Our Experience: Deepthroating While He Urinates (part 2)

Deepthroating While He Urinates (part 1)

Ryan: The next day after failing to urinate while Venice was deepthroating me, Venice sent text messages and teased me for not being able to follow through with our plan. For instance, before she left for work she would make the peeing sound as she talked, “Have a good day at work Ryan, last night was so ssssssssssssspecial.” Of course she was just teasing me but I knew I was going to pull it off the next time we tried. The conditions had to be right though. I had to make sure my bladder was empty in the afternoon so the flavor wouldn’t be so potent that night. I was going to start drinking a lot of water around mid day to make sure I felt the urine sensation as my work day ended. I also thought about the position we previously tried, her flat on her back being face fucked, and knew it wouldn’t work. I’d want to be able to pee and know the stream could go down her throat, rather than pool back up into her mouth and possibly choke her.

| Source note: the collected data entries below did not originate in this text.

Lemma is_derive_pseries_C (a : nat -> C) (F : C -> C) :
  (forall w, Cmod w < 1 -> is_pseries a w (F w)) ->
  forall z, Cmod z < 1 -> exists l, is_pseries (PS_derive_C a) z l /\ is_derive F z l.
Proof.
  intros HF z Hz. pose proof (Cmod_ge_0 z) as Hz0.
  assert (Ha : forall w, Cmod w < 1 -> ex_pseries a w) by (intros w Hw; eexists; exact (HF w Hw)).
  set (abs_a := fun k => Cmod (a k)).
  destruct (ex_pseries_PS_derive_C a z Ha Hz) as [l Hl].
  exists l. split; [exact Hl|].
  set (rho := (1 + Cmod z) / 2).
  (* [D k = k (k + 1) |a (k + 1)|] bounds the Taylor remainders; as a shifted second
     derivative of [abs_a] it has the same radius of convergence *)
  set (D := PS_incr_1 (PS_derive (PS_derive abs_a))).
  assert (HD : ex_series (fun k => Rabs (D k * rho ^ k))).
  { apply (CV_disk_of_CV_radius_Cmod a); [exact Ha | | unfold rho; lra].
    unfold D. now rewrite CV_radius_incr_1, !CV_radius_derive. }
  assert (HDeq : forall k, Rabs (D k * rho ^ k) = INR k * INR (S k) * abs_a (S k) * rho ^ k).
  { intros k. unfold D, PS_incr_1, PS_derive. rewrite Rabs_pos_eq.
    - destruct k as [|k]; [change zero with 0; rewrite INR_0|]; ring.
    - destruct k as [|k]; [change zero with 0; lra|].
      apply Rmult_le_pos; [apply Rmult_le_pos; [apply pos_INR|] | apply pow_le; unfold rho; lra].
      apply Rmult_le_pos; [apply pos_INR | apply Cmod_ge_0]. }
  set (K := Series (fun k => Rabs (D k * rho ^ k))).
  apply (is_derive_of_quadratic_remainder F z l (rho - Cmod z) (K / rho)); [unfold rho; lra|].
  intros y Hy.
  assert (Hyr : Cmod y <= rho).
  { replace y with (z + (y - z))%C by ring. pose proof (Cmod_triangle z (y - z)). lra. }
  pose proof (Cmod_pseries_taylor_rem_le a y z (F y) (F z) l rho K
                (HF y ltac:(unfold rho in *; lra)) (HF z Hz) Hl ltac:(unfold rho; lra)
                Hyr ltac:(unfold rho; lra)
                (is_series_ext _ _ _ HDeq (Series_correct _ HD))) as Hrem.
  apply (Rmult_le_reg_l rho); [unfold rho; lra|].
  replace (rho * (K / rho * Cmod (y - z) ^ 2)) with (K * Cmod (y - z) ^ 2)
    by (field; unfold rho; lra).
  exact Hrem.
Qed.

(** * Cauchy's coefficient estimate *)

Lemma pow_n_Cmult (x y : C) (k : nat) : pow_n (x * y)%C k = (pow_n x k * pow_n y k)%C.
Proof.
  induction k as [|k IH].
  - change (@eq C 1 (1 * 1))%C. ring.
  - change (@eq C ((x * y) * pow_n (x * y) k) ((x * pow_n x k) * (y * pow_n y k)))%C.
    rewrite IH. ring.
Qed.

Mainly, I had to be mentally prepared. I needed to tell myself that I would pull out quick if anything happened, Venice wasn’t going to choke, and I knew I had to relax.

As my work day came to an end I felt the pressure from my urine in my bladder growing. I knew by the time I got home I would be able to pee whether I wanted to or not. I called Venice on my drive home and let her know I wanted to try again but in the bathtub. I also needed her to help set up the camera so everything would be ready. I am unsure if I could set up the phone, put in the memory card, and do a bunch of technical things all while holding in my urine like a three-year-old child who didn’t have a potty near.

Venice: The first time I was disappointed that we didn’t get to finish the deepthroat urination. Although I was nervous, I was more excited. Experiencing these “firsts” with each other is what bonds us even closer, not to mention the memories we get to make with each other and the talks following. I was excited to get a second chance. I get home a few minutes before Ryan, so I was already undressed and ready to get started. I stood there, giddy, excited to get him hard.